I am still seeing some issues I think are related to what is going on in this thread. I updated to your 5.4-main branch (at 5.4.70) from about two days ago. I get the “eth0: transmit timed out” error in dmesg and the LANx interfaces stop working until the unit is restarted. There is a stack trace as well in dmesg but it does not look to contain anything helpful.

Its not easy to reproduce. Running things ipref do not seem to trigger it, you have to create some CPU load on the R2 as well. Running samba on the R2, sharing a volume on a large SATA disk I can trigger the failure by mounting the volume on a client and doinging something like “cat * > /dev/null” (on the client) in a directory with a few 100GB of files. Some times it will run for six or seven hours, sometimes it will die in 15min.

I realize this is perhaps not a helpful bug report, but I only just got a second unit to play with and cloned my images to it. Now that I have separate test-pig setup I can try things out and iterate faster.

frank-w · October 15, 2020, 2:09pm

I know these rx timeout problems,but thought they are fixed by phylink conversion (5.2/3).

But anywhere i saw a fix for timeouts,but do not remember if it was for 5.4…maybe in openwrt-master or any fork

gwalton · October 15, 2020, 2:10pm

is your 5.4-main phylink?

frank-w · October 15, 2020, 2:14pm

5.4 mainline is phylink…it got merged with 5.3 or 5.2

Can you give me the exact error-message/stack trace

gwalton · October 15, 2020, 2:18pm

Ok, that is what I thought. I appologize i have been away from this project for a bit. I tried to get caught up but the way this forum is organized its a bit challenging, especially with the 64 bit board topics all in the same place here.

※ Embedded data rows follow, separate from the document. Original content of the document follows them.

(* Summing out the steps [k..H-1] from the last one backwards: each removed
   step contributes total mass one, and its coordinates are pinned to [y0]. *)
Lemma sum_traj_prob_prefix y0 k (g : traj -> R) : (k <= H)%N ->
  (forall (u : 'I_H) tr y, (k <= u)%N -> g (set_step u tr y) = g tr) ->
  \sum_tr traj_prob b0 o pi phi th tr * g tr =
  \sum_tr init_prob tr * prefix_prob k tr * pinned_from y0 k tr * g tr.
Proof.
move=> kH; rewrite -(subKn kH); elim: (H - k)%N (leq_subr k H) => [|n IH] nH g_inv.
  apply: eq_bigr => tr _; rewrite traj_probE subn0 [pinned_from _ _ _]big1 ?mulr1.
    by congr (_ * _ * _); apply: eq_bigl => v; rewrite ltn_ord.
  by move=> v; rewrite leqNgt ltn_ord.
have kH' : (H - n.+1 < H)%N by rewrite -subn_gt0 subKn // ltnW.
have E : (H - n = (H - n.+1).+1)%N by rewrite subnSK.
rewrite IH ?E; last 2 first.
- exact: ltnW.
- by move=> u tr y /ltnW; apply: g_inv.
set k' := (H - n.+1)%N.
pose W tr := init_prob tr * prefix_prob k' tr * pinned_from y0 k'.+1 tr * g tr.
transitivity (\sum_tr W tr * step_prob (Ordinal kH') tr * 1).
  by apply: eq_bigr => tr _; rewrite /W prefix_probS; ring.
etransitivity.
  apply: (sum_step_marginal y0 (q := fun _ _ => 1)) => // tr y.
  by rewrite /W init_prob_set_step prefix_prob_set_step ?pinned_from_set_step ?g_inv.
apply: eq_bigr => tr _; rewrite (pinned_fromS y0 kH') /W.
under eq_bigr do rewrite mulr1.
by rewrite policy_prob_sum1; ring.
Qed.

Lemma expect_policy_centered_eq0 (t : 'I_H) (h : jstate -> jaction -> R) :
  (forall s, \sum_a policy_prob t s a * h s a = 0) ->
  \sum_tr traj_prob b0 o pi phi th tr * h (tr.1 (cur t)) (tr.2 t) = 0.
Proof.
move=> h_centered.
have [tr0 _ | traj0] := pickP (@predT traj); last first.
  by apply: big1 => tr _; have := traj0 tr.
pose y0 := step_coord t tr0.
rewrite (sum_traj_prob_prefix y0 (k := t.+1)) //; last first.
  move=> u tr y tu; rewrite set_step_states ?set_step_actions //=.
    by rewrite -val_eqE /= ltn_eqF.
  by rewrite ltn_eqF // ltnW.
pose W tr := init_prob tr * prefix_prob t tr * pinned_from y0 t.+1 tr.
transitivity (\sum_tr W tr * step_prob t tr * h (tr.1 (cur t)) (tr.2 t)).
  apply: eq_bigr => tr _; rewrite (prefix_probS (ltn_ord t)) /W.
  by rewrite (_ : Ordinal _ = t) //; [ring | exact: val_inj].
etransitivity.
  apply: (sum_step_marginal y0 (q := fun tr => h (tr.1 (cur t)))) => tr y.
    by rewrite /W init_prob_set_step prefix_prob_set_step ?pinned_from_set_step.
  by move=> a; rewrite set_step_states //= ltn_eqF.
by apply: big1 => tr _; rewrite h_centered mulr0.
Qed.

Lemma sum_marginal t (Z : jstate -> jaction -> R) :
  \sum_s \sum_a marginal b0 o pi phi th t s a * Z s a =
  \sum_tr traj_prob b0 o pi phi th tr * Z (tr.1 (cur t)) (tr.2 t).
Proof.
rewrite pair_bigA /=.
rewrite [RHS](partition_big (fun tr : traj => (tr.1 (cur t), tr.2 t)) xpredT) //=.
apply: eq_bigr => -[s a] _; rewrite /marginal mulr_suml.
by apply: eq_big => [tr|tr /andP[/eqP-> /eqP->]]; rewrite // xpair_eqE.
Qed.

Lemma sum_count_prob (G : cseq S A M H -> R) :
  \sum_(N | Omega N) count_prob b0 o pi phi th N * G N =
  \sum_tr traj_prob b0 o pi phi th tr * G (counts tr).
Proof.
rewrite [RHS](partition_big (@counts S A M H) (@Omega S A M H)) //=.
  apply: eq_bigr => N _; rewrite /count_prob mulr_suml.
  by apply: eq_big => [tr|tr /eqP ->].
by move=> tr _; exact: Omega_counts.
Qed.

Hypothesis pi_pos : forall t x i ob j, 0 < pi t x i ob j.
Hypothesis pi_diff : forall t i ob j x, differentiable (fun y => pi t y i ob j) x.

Lemma sum_policy_prob_joint_score t s (f : S -> A -> R) v :
  \sum_a policy_prob t s a * ((\sum_(m < M) f (s m) (a m)) *
    'D_v (fun x => ln (\prod_(m < M) pi t x (s m) (o (s m) (scount s)) (a m))) th) =
  \sum_a policy_prob t s a * \sum_(m < M) f (s m) (a m) *
    'D_v (fun x => ln (pi t x (s m) (o (s m) (scount s)) (a m))) th.
Proof.
under eq_bigr do rewrite derive_ln_prod //.
pose score m j := 'D_v (fun x => ln (pi t x (s m) (o (s m) (scount s)) j)) th.
apply: (@sum_prod_sum_mul _ _ _ (fun m => pi t th (s m) (o (s m) (scount s)))
  (fun m => f (s m)) score) => m.
exact: expected_score_eq0.
Qed.

Variables (fw : S -> A -> O -> R) (F : jstate -> jaction -> R).
Hypothesis F_def : forall s a,
  F s a = \sum_i \sum_j (sacount s a i j)%:R * fw i j (o i (scount s)).

Lemma directional_count_policy_gradient v :
  \sum_t \sum_s \sum_a marginal b0 o pi phi th t s a *
    (F s a * 'D_v (fun x =>
       ln (\prod_(m < M) pi t x (s m) (o (s m) (scount s)) (a m))) th)
  = \sum_(N : cseq S A M H | Omega N) count_prob b0 o pi phi th N *
    \sum_t \sum_i \sum_j ((N t).1.2 (i, j))%:R * fw i j (o i (ntab (N t))) *
      'D_v (fun x => ln (pi t x i (o i (ntab (N t))) j)) th.
Proof.
rewrite sum_count_prob.
under [RHS]eq_bigr do rewrite mulr_sumr.
rewrite [RHS]exchange_big /=; apply: eq_bigr => t _.
pose G (s : jstate) (a : jaction) := \sum_(m < M) fw (s m) (a m) (o (s m) (scount s)) *
  'D_v (fun x => ln (pi t x (s m) (o (s m) (scount s)) (a m))) th.
have counts_G tr : \sum_i \sum_j ((counts tr t).1.2 (i, j))%:R *
    fw i j (o i (ntab (counts tr t))) *
    'D_v (fun x => ln (pi t x i (o i (ntab (counts tr t))) j)) th
  = G (tr.1 (cur t)) (tr.2 t).
  under eq_bigr do under eq_bigr do rewrite counts_sacount ntab_counts -mulrA.
  by rewrite sum_sacount.
under [RHS]eq_bigr do rewrite counts_G.
rewrite sum_marginal; apply/eqP; rewrite -subr_eq0 -sumrB; apply/eqP.
under eq_bigr do rewrite -mulrBr.
pose Dln (s : jstate) (a : jaction) :=
  'D_v (fun x => ln (\prod_(m < M) pi t x (s m) (o (s m) (scount s)) (a m))) th.
apply: (expect_policy_centered_eq0 (h := fun s a => F s a * Dln s a - G s a)) => s.
under eq_bigr do rewrite mulrBr F_def sum_sacount.
pose f i j := fw i j (o i (scount s)).
by rewrite sumrB (sum_policy_prob_joint_score _ _ f) subrr.
Qed.

End Trajectories.

Theorem theorem3 (R : realType) (S A O : finType) (M H d : nat)
  (b0 : S -> R) (o : S -> {ffun S -> nat} -> O)
  (pi : 'I_H -> 'rV[R]_d -> S -> O -> A -> R)
  (phi : 'I_H -> S -> A -> {ffun S -> nat} -> S -> R)
  (fw : S -> A -> O -> R) (F : jstate S M -> jaction A M -> R)
  (th : 'rV[R]_d) :
  (forall i, 0 <= b0 i) -> \sum_(i : S) b0 i = 1 ->
  (forall t x i ob j, 0 < pi t x i ob j) ->
  (forall t x i ob, \sum_(j : A) pi t x i ob j = 1) ->
  (forall t i ob j x, differentiable (fun y => pi t y i ob j) x) ->
  (forall t i j n i', 0 <= phi t i j n i') ->
  (forall t i j n, \sum_(i' : S) phi t i j n i' = 1) ->
  (forall s a, F s a = \sum_(i : S) \sum_(j : A)
                         (sacount s a i j)%:R * fw i j (o i (scount s))) ->
  \sum_(t < H) \sum_(s : jstate S M) \sum_(a : jaction A M)
     marginal b0 o pi phi th t s a *:
       (F s a *: grad (fun x => ln (\prod_(m < M) pi t x (s m) (o (s m) (scount s)) (a m))) th)
  =
  \sum_(N : cseq S A M H | Omega N)
     count_prob b0 o pi phi th N *:
       (\sum_(t < H) \sum_(i : S) \sum_(j : A)
          (((N t).1.2 (i, j) : nat)%:R
           * fw i j (o i (ntab (N t)))) *:
            grad (fun x => ln (pi t x i (o i (ntab (N t))) j)) th).
Proof.
move=> _ _ pi_pos pi_sum1 pi_diff _ phi_sum1 F_def.
apply/rowP => k; rewrite !summxE.
under eq_bigr do rewrite summxE.
under eq_bigr do under eq_bigr do rewrite summxE.
under eq_bigr do under eq_bigr do under eq_bigr do rewrite !mxE.
under [RHS]eq_bigr do rewrite mxE summxE.
under [RHS]eq_bigr do under eq_bigr do rewrite summxE.
under [RHS]eq_bigr do under eq_bigr do under eq_bigr do rewrite summxE.
under [RHS]eq_bigr do under eq_bigr do under eq_bigr do under eq_bigr do rewrite !mxE.
exact: directional_count_policy_gradient.
Qed.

So if that is the case, I am curious if anyone else is still seeing the timeout issue. I don’t know if others here are not hitting because they are not trying to use the r2 for any NAS functions. I defenitly have not hit the problem just routing/NATing thru it. I had 5.4.2 up for like 60 days with samba and nfs disabled.

Where there any other changes related to timeout that went in with phylink? I read some stuff about a gmac pause patch. If there is a timeout or wait maybe it needs to be more agressive/pessimistic?

frank-w · October 15, 2020, 2:21pm

The missing pause was added in my 5.4-main long time ago,but with 5.6/5.7 i stumbled again over it so i posted it to mainline,but it is not in 5.4 yet (about to be merged in 5.10)

frank-w · October 15, 2020, 2:52pm

Maybe one of these Patches fix your Problem

https://git.openwrt.org/?p=openwrt/staging/nbd.git;a=commit;h=59d236f11df7539cfd9524a8d7857faefe40f74b

Maybe this one patchwork

Found in this thread: https://forum.openwrt.org/t/mtk-soc-eth-watchdog-timeout-after-r11573/50000/301

gwalton · October 15, 2020, 3:32pm

thanks I’ll take a look

gwalton · October 15, 2020, 5:08pm

patches look interesting but mtk_eth_soc.c looks to have changed a lot before 4.14 and 5.4.70. Going to take some effort here to see if this interrupt vs poll order isssue is even still present.

frank-w · October 15, 2020, 5:35pm

Seems the fe_poll_rx/tx is openwrt specific…i have not found these functions not in 4.14 too…mhm.